M. Taillon accueille d’un bon oeil la volonté affichée par le Parti libéral du Québec de participer au renouvellement de la fédération canadienne après s’être fait «complice du statu quo». «Son ADN depuis la Révolution tranquille, c’est d’être fidèle à l’adhésion au Canada, mais dans un fédéralisme renouvelé. Alors ça, au moins, ça va permettre à ce parti de se reconnecter avec son véritable idéal », dit-il dans un entretien avec Le Devoir.
Une gifle, du mépris
Sauf que le premier ministre fédéral, Justin Trudeau, a coupé court à toute tentative de reprise de discussions constitutionnelles, et ce, avant même le dévoilement de la Politique d’affirmation du Québec et de relations canadiennes. La «main tendue» de M. Couillard a «eu comme réponse une gifle, du mépris, de la désinvolture» de la part de son homologue fédéral, avait dénoncé le chef péquiste Jean-François Lisée au début du mois.
Pourtant, Justin Trudeau a serré des mains et multiplié les égoportraits avec des citoyens de Boischatel, de Saint-Augustin-de-Desmaures, de Sainte-Anne-de-la-Pérade puis de Trois-Rivières comme si de rien n’était vendredi.
Les esprits s’étaient échauffés à la vue de son père, Pierre Elliott Trudeau, dans la tribune d’honneur du défilé du 24 juin 1968. Une émeute avait éclaté avant d’être réprimée à coups de matraque.
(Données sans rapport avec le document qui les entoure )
(* Let $E$ be a finite set with $|E|=n\ge1$, and consider the Boolean lattice of all subsets of $E$ with rank $\mathrm{rk}(F)=|F|$. Then, summing over chains of subsets that end at $E$, \[d_n(x)=\sum_{\varnothing=F_0\subsetneq F_1\subsetneq\cdots\subsetneq F_m=E}\ \prod_{i=1}^m\frac{x\bigl(1-x^{\mathrm{rk}(F_i)-\mathrm{rk}(F_{i-1})-1}\bigr)}{1-x},\] the sum over all $m\ge1$ and all such chains, and \[xA_n(x)=\sum_{F_0\subsetneq F_1\subsetneq\cdots\subsetneq F_m=E}\frac{x(1-x^{\mathrm{rk}(F_0)})}{1-x}\prod_{i=1}^m\frac{x\bigl(1-x^{\mathrm{rk}(F_i)-\mathrm{rk}(F_{i-1})-1}\bigr)}{1-x},\] the sum over all $m\ge0$ and all chains of subsets $F_0\subsetneq\cdots\subsetneq F_m=E$ (with $F_0$ arbitrary).
   Context: Eulerian polynomials: $A_n(x)=\sum_{\sigma\in\mathfrak{S}_n}x^{\mathrm{des}(\sigma)}$ for $n\ge1$, with $\mathrm{des}(\sigma)=|\{i\in[n-1]:\sigma_i>\sigma_{i+1}\}|$. Derangement polynomials: $d_n(x)=\sum_{\sigma}x^{\mathrm{exc}(\sigma)}$ for $n\ge1$, the sum over fixed-point-free $\sigma\in\mathfrak{S}_n$, with $\mathrm{exc}(\sigma)=|\{i:\sigma_i>i\}|$. An empty product equals $1$. *)

From mathcomp Require Import all_boot all_order all_algebra all_fingroup.
Set Implicit Arguments. Unset Strict Implicit. Unset Printing Implicit Defensive.
Import GRing.Theory.
Local Open Scope ring_scope.

Definition des (n : nat) (s : 'S_n) : nat :=
  #|[set i : 'I_n | [exists j : 'I_n, (val j == (val i).+1) && (s j < s i)%N]]|.

Definition exc (n : nat) (s : 'S_n) : nat := #|[set i : 'I_n | (i < s i)%N]|.

Definition eulerianA (R : ringType) (n : nat) (x : R) : R :=
  \sum_(s : 'S_n) x ^+ des s.

Definition derangementD (R : ringType) (n : nat) (x : R) : R :=
  \sum_(s : 'S_n | [forall i, s i != i]) x ^+ exc s.

Definition wt (R : fieldType) (x : R) (k : nat) : R :=
  x * (1 - x ^+ (k - 1)%N) / (1 - x).

Definition strict_chain (E : finType) (m : nat) (F : {ffun 'I_m.+1 -> {set E}}) : bool :=
  [forall i : 'I_m, F (widen_ord (leqnSn m) i) \proper F (lift ord0 i)].

Definition chain_wt (R : fieldType) (x : R) (E : finType) (m : nat)
    (F : {ffun 'I_m.+1 -> {set E}}) : R :=
  \prod_(i < m) wt x (#|F (lift ord0 i)| - #|F (widen_ord (leqnSn m) i)|)%N.

From mathcomp Require Import all_boot all_order all_algebra all_fingroup.
From mathcomp Require Import zify ring.
Import GRing.Theory.

Set Implicit Arguments.
Unset Strict Implicit.
Unset Printing Implicit Defensive.

(* Inserting the letter n into the one-line word, resp. into a cycle, of a
   permutation of [n] shows that des and exc obey the same recurrence, so
   A_n(x) = sum_s x^exc(s), and that the weak excedance number exc + fix is
   distributed like exc + 1.  Choosing the fixed points first gives
   sum_s x^exc(s) y^fix(s) = sum_j C(n,j) y^j d_(n-j)(x); comparing y = 1 and
   y = x yields sum_j C(n,j) (x^j - x) d_(n-j)(x) = 0 for n >= 1, a recurrence
   that determines d_n from d_0 = 1.  Splitting off the first step of a chain,
   the chain sums satisfy the same recurrence because
   (1 - x) wt(k+1) = x - x^(k+1), which gives the first identity.  The second
   follows from x A_n(x) = sum_j C(n,j) x^j d_(n-j)(x) by grouping chains
   according to their bottom F_0. *)

Lemma card_set_sum (T : finType) (P : pred T) : #|[set i | P i]| = \sum_i P i.
Proof. by rewrite -sum1dep_card big_mkcond; apply: eq_bigr => i _; case: (P i). Qed.

Lemma ltn_lift n (p : 'I_n.+1) (a b : 'I_n) : (lift p a < lift p b) = (a < b).
Proof. by rewrite /= /bump; case: (leqP p a); case: (leqP p b); lia. Qed.

Lemma sum_shift_bool (V : nmodType) (I : finType) (F : nat -> V) a (b : pred I) k :
  \sum_i ~~ b i = k -> (\sum_i F (a + b i)%N = F a *+ k + F a.+1 *+ (#|I| - k))%R.
Proof.
move=> <-.
have -> : #|I| = \sum_i ~~ b i + \sum_i b i.
  by rewrite -big_split -sum1_card; apply: eq_bigr => i _; case: (b i).
rewrite addKn -!sumrMnr -big_split /=.
by apply: eq_bigr => i _; case: (b i); rewrite /= ?addn0 ?addn1 ?mulr0n ?mulr1n ?addr0 ?add0r.
Qed.

Section PermDecomposition.
Variables (T : Type) (idx : T) (op : Monoid.com_law idx).

Lemma big_lift_perm n (p q : 'I_n.+1) (F : 'S_n.+1 -> T) :
  \big[op/idx]_(s : 'S_n.+1 | s p == q) F s =
  \big[op/idx]_(s : 'S_n) F (lift_perm p q s).
Proof.
rewrite (reindex (lift_perm p q)); last first.
  pose ulsf i (s : 'S_n.+1) k := odflt k (unlift (s i) (s (lift i k))).
  have ulsfK i (s : 'S_n.+1) k : lift (s i) (ulsf i s k) = s (lift i k).
    rewrite /ulsf; have:= neq_lift i k.
    by rewrite -(can_eq (permK s)) => /unlift_some[] ? ? ->.
  have inj_ulsf : injective (ulsf p _).
    move=> s; apply: can_inj (ulsf (s p) s^-1%g) _ => k'.
    by rewrite {1}/ulsf ulsfK !permK liftK.
  exists (fun s => perm (inj_ulsf s)) => [s _ | s].
    by apply/permP=> k'; rewrite permE /ulsf lift_perm_lift lift_perm_id liftK.
  move/(s _ =P _) => si0; apply/permP=> k.
  case: (unliftP p k) => [k'|] ->; rewrite ?lift_perm_id //.
  by rewrite lift_perm_lift -si0 permE ulsfK.
by apply: eq_bigl => s; rewrite lift_perm_id eqxx.
Qed.

Lemma big_perm_preimage_max n (F : 'S_n.+1 -> T) :
  \big[op/idx]_(t : 'S_n.+1) F t =
  \big[op/idx]_(i : 'I_n.+1) \big[op/idx]_(t : 'S_n.+1 | t i == ord_max) F t.
Proof.
rewrite (partition_big (fun t : 'S_n.+1 => t^-1%g ord_max) predT) //=.
apply: eq_bigr => i _; apply: eq_bigl => t.
by apply/eqP/eqP => [<-|<-]; rewrite ?permKV ?permK.
Qed.

(* The letter n is inserted into the cycle of i, right after i (as a fixed
   point when i = n), resp. into the one-line word of s at position p. *)
Lemma big_perm_insert_cycle n (F : 'S_n.+1 -> T) :
  \big[op/idx]_(t : 'S_n.+1) F t =
  \big[op/idx]_(s : 'S_n) \big[op/idx]_(i : 'I_n.+1)
      F (tperm i ord_max * lift_perm ord_max ord_max s)%g.
Proof.
rewrite big_perm_preimage_max exchange_big /=; apply: eq_bigr => i _.
rewrite (reindex_inj (mulgI (tperm i ord_max))) /=.
rewrite -(big_lift_perm ord_max ord_max (fun r => F (tperm i ord_max * r)%g)).
by apply: eq_bigl => r; rewrite permM tpermL.
Qed.

Lemma big_perm_insert_word n (F : 'S_n.+1 -> T) :
  \big[op/idx]_(t : 'S_n.+1) F t =
  \big[op/idx]_(s : 'S_n) \big[op/idx]_(p : 'I_n.+1) F (lift_perm p ord_max s).
Proof.
rewrite big_perm_preimage_max exchange_big /=; apply: eq_bigr => p _.
exact: big_lift_perm.
Qed.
Rien de tout cela le 23 juin 2017.
Justin Trudeau s’est dirigé, tout sourire, vers les festivités du 150e anniversaire du Canada, dont le coup d’envoi sera donné dans une semaine.
D’ici là, les Québécois célébreront une nouvelle fois ce week-end malgré les « rivalités » inhérentes à «une nation qui n’a pu accéder à l’indépendance » : «entre ceux pour qui la fête doit nous rapprocher du pays désiré et ceux n’y voyant qu’une démonstration de solidarité nationale», comme l’expliquait l’historien Gilles Laporte dans Le Devoir en 2013. «En attendant, il nous reste à célébrer dignement notre fête nationale et à tâcher de “rendre le peuple meilleur”», a-t-il écrit dans un clin d’oeil à la devise de la Société Saint-Jean-Baptiste.
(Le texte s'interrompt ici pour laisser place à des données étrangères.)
(* Let $G=(V,E,w_G)$ be a directed graph with non-negative integer edge weights, $n=|V|$, $s\in V$, and $1\le h\le n$ an integer. Let $C\subseteq V$ contain $s$ and, for every pair of nodes $u,v$ for which the shortest path from $u$ to $v$ in $G$ consists of exactly $\lceil h/2\rceil$ nodes, at least one node of one of these shortest paths. For each $x\in C$ let $\tilde d(x,\cdot)$ satisfy $\mathrm{dist}_G(x,v)\le \tilde d(x,v)\le 2\,\mathrm{dist}^h_G(x,v)$ for all $v\in V$. Let $H=(C,C^2,w_H)$ with $w_H(x,y)=\tilde d(x,y)$. Let $G'=(V,E\cup(\{s\}\times C),w_{G'})$ where $w_{G'}(u,v)=\mathrm{dist}_H(u,v)$ for $(u,v)\in(\{s\}\times C)\setminus E$, $w_{G'}(u,v)=2w_G(u,v)$ for $(u,v)\in E\setminus(\{s\}\times C)$, and $w_{G'}(u,v)=\min(\mathrm{dist}_H(u,v),2w_G(u,v))$ for $(u,v)\in E\cap(\{s\}\times C)$. Then for every node $v\in V$, $\mathrm{dist}^h_{G'}(s,v)=\mathrm{dist}_{G'}(s,v)$.
   Context: For a weighted directed graph, $\mathrm{dist}(u,v)$ denotes the minimum weight of a directed path from $u$ to $v$. For an integer $h\ge1$, the $h$-hop distance $\mathrm{dist}^h(u,v)$ is the minimum weight among all directed paths from $u$ to $v$ with at most $h$ edges. *)

From mathcomp Require Import all_boot.
Set Implicit Arguments. Unset Strict Implicit. Unset Printing Implicit Defensive.

(* Extended naturals: [Some n] is the finite value n, [None] is +infinity. *)
Definition ext := option nat.

Definition eadd (a b : ext) : ext :=
  match a, b with Some x, Some y => Some (x + y) | _, _ => None end.

Definition ele (a b : ext) : bool :=
  match a, b with
  | _, None => true
  | None, Some _ => false
  | Some x, Some y => x <= y
  end.

Definition emin (a b : ext) : ext := if ele a b then a else b.

Definition edouble (a : ext) : ext :=
  match a with Some x => Some (2 * x) | None => None end.

Section Graphs.
Variable V : finType.

(* p is (the sequence of vertices after u of) a directed simple path from u
   to v using edges of e; it has size p edges and size p + 1 nodes. *)
Definition is_path (e : rel V) (u v : V) (p : seq V) : bool :=
  [&& path e u p, last u p == v & uniq (u :: p)].

Definition pweight (w : V -> V -> ext) (u : V) (p : seq V) : ext :=
  \big[eadd/Some 0]_(xy <- zip (u :: p) p) w xy.1 xy.2.

Definition hdist (e : rel V) (w : V -> V -> ext) (h : nat) (u v : V) : ext :=
  \big[emin/None]_(k < h.+1)
     \big[emin/None]_(t : k.-tuple V | is_path e u v t) pweight w u t.

(* Distance: minimum weight of a directed path from u to v.  Every (simple)
   path has at most #|V| - 1 edges, so this ranges over all paths. *)
Definition dist (e : rel V) (w : V -> V -> ext) (u v : V) : ext :=
  hdist e w #|V| u v.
Pour Philippe Couillard, la Fête nationale 2017 est l’occasion pour «tous les Québécois, quelle que soit leur date d’arrivée», d’afficher leur fierté d’appartenir à la nation québécoise. «La Fête nationale nous appartient, elle vous appartient. C’est à nous, c’est à vous d’en faire un symbole de fierté. Une fierté partagée. Une fierté qu’on a toujours eue. Une fierté qui fait également partie de ce qui nous rend si particuliers, si spéciaux au Québec, et qui nous rend encore une fois aujourd’hui, je le dis avec beaucoup de force, très fiers d’être Québécois et d’être Québécoises. Vive la Fête nationale! Vive le Québec!» a-t-il lancé jeudi, avant d’inviter les personnes agglutinées devant lui à lever leur flûte de cidre de Saint-Nicolas à la «santé du Québec et à la fraternité humaine».